ACTION ITEM:
What is needed here is an exact repetition of the records below, beginning at the line that has "H2 & L & Hfix)." and stopping after the line that has "rewrite Hmod in Hcircle. simpl in Hcircle.".

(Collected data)
........
Lemma linked_reflect (M N P : rmat) (s t : bool) (z1 z2 : C) :
  linked M N s t z1 z2 ->
  mob M (twist s z1) = mob P (mirror (mob M (twist s z1))) ->
  linked M (rmul P (mat_mirror N)) s (negb t) z1 z2.
Proof.
intros [Hx E] Hfix. split; [exact Hx|].
assert (Emirror : mirror (mob M (twist s z1)) = mob (mat_mirror N) (twist (negb t) z2))
  by (rewrite E, mob_mirror, mirror_twist; reflexivity).
rewrite <- mob_rmul, <- Emirror; [exact Hfix|].
apply mob_den_neq0. rewrite <- Emirror. apply Hpl_neq0, Hpl_mirror, Hx.
Qed.

Lemma on_both_curves_of_linked_fixed (M N P : rmat) (s t : bool) (Q : C -> C -> Prop) :
  (forall z1 z2, Q z1 z2 -> Hpl z1 /\ Hpl z2 /\ linked M N s t z1 z2 /\
     mob M (twist s z1) = mob P (mirror (mob M (twist s z1)))) ->
  on_holo_curve Q /\ on_antiholo_curve Q.
Proof.
intros HQ.
destruct (on_curves_of_linked M N s t Q) as [Hh Ha].
{ intros z1 z2 Hq. destruct (HQ _ _ Hq) as (H1 & H2 & L & _). auto. }
destruct (on_curves_of_linked M (rmul P (mat_mirror N)) s (negb t) Q) as [Hh' Ha'].
{ intros z1 z2 Hq. destruct (HQ _ _ Hq) as (H1 & H2 & L & Hfix).
  repeat split; try assumption; apply (linked_reflect _ _ _ _ _ _ _ L Hfix). }
destruct s, t; simpl in *; split;
  solve [apply Hh; congruence | apply Ha; congruence | apply Hh'; congruence | apply Ha'; congruence].
Qed.

Lemma mob_eq_of_mul (M : rmat) (w x : C) :
  mob_den M w <> 0 -> x * mob_den M w = mob_num M w -> x = mob M w.
Proof. intros Hden E. unfold mob. rewrite <- E. field. exact Hden. Qed.

Lemma side_0inf_fixed (x : C) : side_0inf x -> x = mob (RMat 1 0 0 1) (mirror x).
Proof.
destruct x as [p q]. intros [_ Hre]. simpl in Hre.
apply mob_eq_of_mul; unfold mob_den, mob_num, mirror, Cconj; simpl.
- intro K. apply (f_equal fst) in K. simpl in K. lra.
- apply injective_projections; simpl; lra.
Qed.

Lemma side_1inf_fixed (x : C) : side_1inf x -> x = mob (RMat 1 2 0 1) (mirror x).
Proof.
destruct x as [p q]. intros [_ Hre]. simpl in Hre.
apply mob_eq_of_mul; unfold mob_den, mob_num, mirror, Cconj; simpl.
- intro K. apply (f_equal fst) in K. simpl in K. lra.
- apply injective_projections; simpl; lra.
Qed.

Lemma side_01_fixed (x : C) : side_01 x -> x = mob (RMat 1 0 2 1) (mirror x).
Proof.
destruct x as [p q]. intros [Hq Hmod]. unfold Hpl in Hq. simpl in Hq.
pose proof (Cmod2_alt ((p, q) - RtoC (1/2))) as Hcircle.
rewrite Hmod in Hcircle. simpl in Hcircle.
apply mob_eq_of_mul; unfold mob_den, mob_num, mirror, Cconj; simpl.
- intro K. apply (f_equal snd) in K. simpl in K. lra.
- apply injective_projections; simpl; nra.
Qed.

Definition emb_mat (emb : Kel -> R) (g : mat2) : rmat :=
  RMat (emb (ma g)) (emb (mb g)) (emb (mc g)) (emb (md g)).

Lemma pull_diag_linked (d : Z) (g : mat2) (S : C -> Prop) (z1 z2 : C) :
  (forall x, S x -> Hpl x) -> pull_diag d g S z1 z2 ->
  let M1 := emb_mat (emb1 d) g in
  let M2 := emb_mat (emb2 d) g in
  Hpl z1 /\ Hpl z2 /\ linked (act_mat M1) (act_mat M2) (det_pos M1) (det_pos M2) z1 z2 /\
  S (mob (act_mat M1) (twist (det_pos M1) z1)).
Proof.
intros HS (H1 & H2 & E & Hx) M1 M2. unfold linked.
rewrite <- (real_act_twist M1), <- (real_act_twist M2).
change (real_act (ra M1) (rb M1) (rc M1) (rd M1) z1) with (act1 d g z1).
change (real_act (ra M2) (rb M2) (rc M2) (rd M2) z2) with (act2 d g z2).
repeat split; auto.
Qed.

Theorem lemma3p1 (d : Z) (hd : (0 < d)%Z) (hsq : forall n : Z, (n * n)%Z <> d)
  (z0 z1 zinf : cusp)
  (h0 : is_cusp z0) (h1 : is_cusp z1) (hinf : is_cusp zinf)
  (h01 : cusp_distinct d z0 z1) (h0inf : cusp_distinct d z0 zinf)
  (h1inf : cusp_distinct d z1 zinf)
  (g : mat2) (hg : ~ Keq (Kdet d g) Kzero)
  (hg0 : cusp_eq d (cusp_act d g z0) cusp0)
  (hg1 : cusp_eq d (cusp_act d g z1) cusp1)
  (hginf : cusp_eq d (cusp_act d g zinf) cuspinf) :
  (on_holo_curve (pull_diag d g tri01inf) \/
   on_antiholo_curve (pull_diag d g tri01inf)) /\
  (forall side : C -> Prop,
     side = side_0inf \/ side = side_1inf \/ side = side_01 ->
     on_holo_curve (pull_diag d g side) /\
     on_antiholo_curve (pull_diag d g side)).
Proof.
set (M1 := emb_mat (emb1 d) g). set (M2 := emb_mat (emb2 d) g).
split.
- destruct (on_curves_of_linked (act_mat M1) (act_mat M2) (det_pos M1) (det_pos M2)
              (pull_diag d g tri01inf)) as [Hholo Hanti].
  { intros y1 y2 Hy. destruct (pull_diag_linked d g tri01inf y1 y2 (fun x Hx => proj1 Hx) Hy)
      as (H1 & H2 & L & _). auto. }
  destruct (Bool.bool_dec (det_pos M1) (det_pos M2)); [left; apply Hholo | right; apply Hanti];
    assumption.
- intros side Hside.
  assert (Hfixed : exists P, forall x, side x -> Hpl x /\ x = mob P (mirror x)).
  { destruct Hside as [-> | [-> | ->]]; eexists; intros x Hx; split;
      solve [apply Hx | apply side_0inf_fixed, Hx | apply side_1inf_fixed, Hx
            | apply side_01_fixed, Hx]. }
  destruct Hfixed as [P HP].
  apply (on_both_curves_of_linked_fixed (act_mat M1) (act_mat M2) P (det_pos M1) (det_pos M2)).
  intros y1 y2 Hy.
  destruct (pull_diag_linked d g side y1 y2 (fun x Hx => proj1 (HP x Hx)) Hy)
    as (H1 & H2 & L & Hs).
  split; [exact H1 | split; [exact H2 | split; [exact L | exact (proj2 (HP _ Hs))]]].
Qed.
........
SOLVED EXERCISE:
{ intros z1 z2 Hq. destruct (HQ _ _ Hq) as (H1 & H2 & L & Hfix).
  repeat split; try assumption; apply (linked_reflect _ _ _ _ _ _ _ L Hfix). }
destruct s, t; simpl in *; split;
  solve [apply Hh; congruence | apply Ha; congruence | apply Hh'; congruence | apply Ha'; congruence].
Qed.

Lemma mob_eq_of_mul (M : rmat) (w x : C) :
  mob_den M w <> 0 -> x * mob_den M w = mob_num M w -> x = mob M w.
Proof. intros Hden E. unfold mob. rewrite <- E. field. exact Hden. Qed.

Lemma side_0inf_fixed (x : C) : side_0inf x -> x = mob (RMat 1 0 0 1) (mirror x).
Proof.
destruct x as [p q]. intros [_ Hre]. simpl in Hre.
apply mob_eq_of_mul; unfold mob_den, mob_num, mirror, Cconj; simpl.
- intro K. apply (f_equal fst) in K. simpl in K. lra.
- apply injective_projections; simpl; lra.
Qed.

Lemma side_1inf_fixed (x : C) : side_1inf x -> x = mob (RMat 1 2 0 1) (mirror x).
Proof.
destruct x as [p q]. intros [_ Hre]. simpl in Hre.
apply mob_eq_of_mul; unfold mob_den, mob_num, mirror, Cconj; simpl.
- intro K. apply (f_equal fst) in K. simpl in K. lra.
- apply injective_projections; simpl; lra.
Qed.

Lemma side_01_fixed (x : C) : side_01 x -> x = mob (RMat 1 0 2 1) (mirror x).
Proof.
destruct x as [p q]. intros [Hq Hmod]. unfold Hpl in Hq. simpl in Hq.
pose proof (Cmod2_alt ((p, q) - RtoC (1/2))) as Hcircle.
rewrite Hmod in Hcircle. simpl in Hcircle.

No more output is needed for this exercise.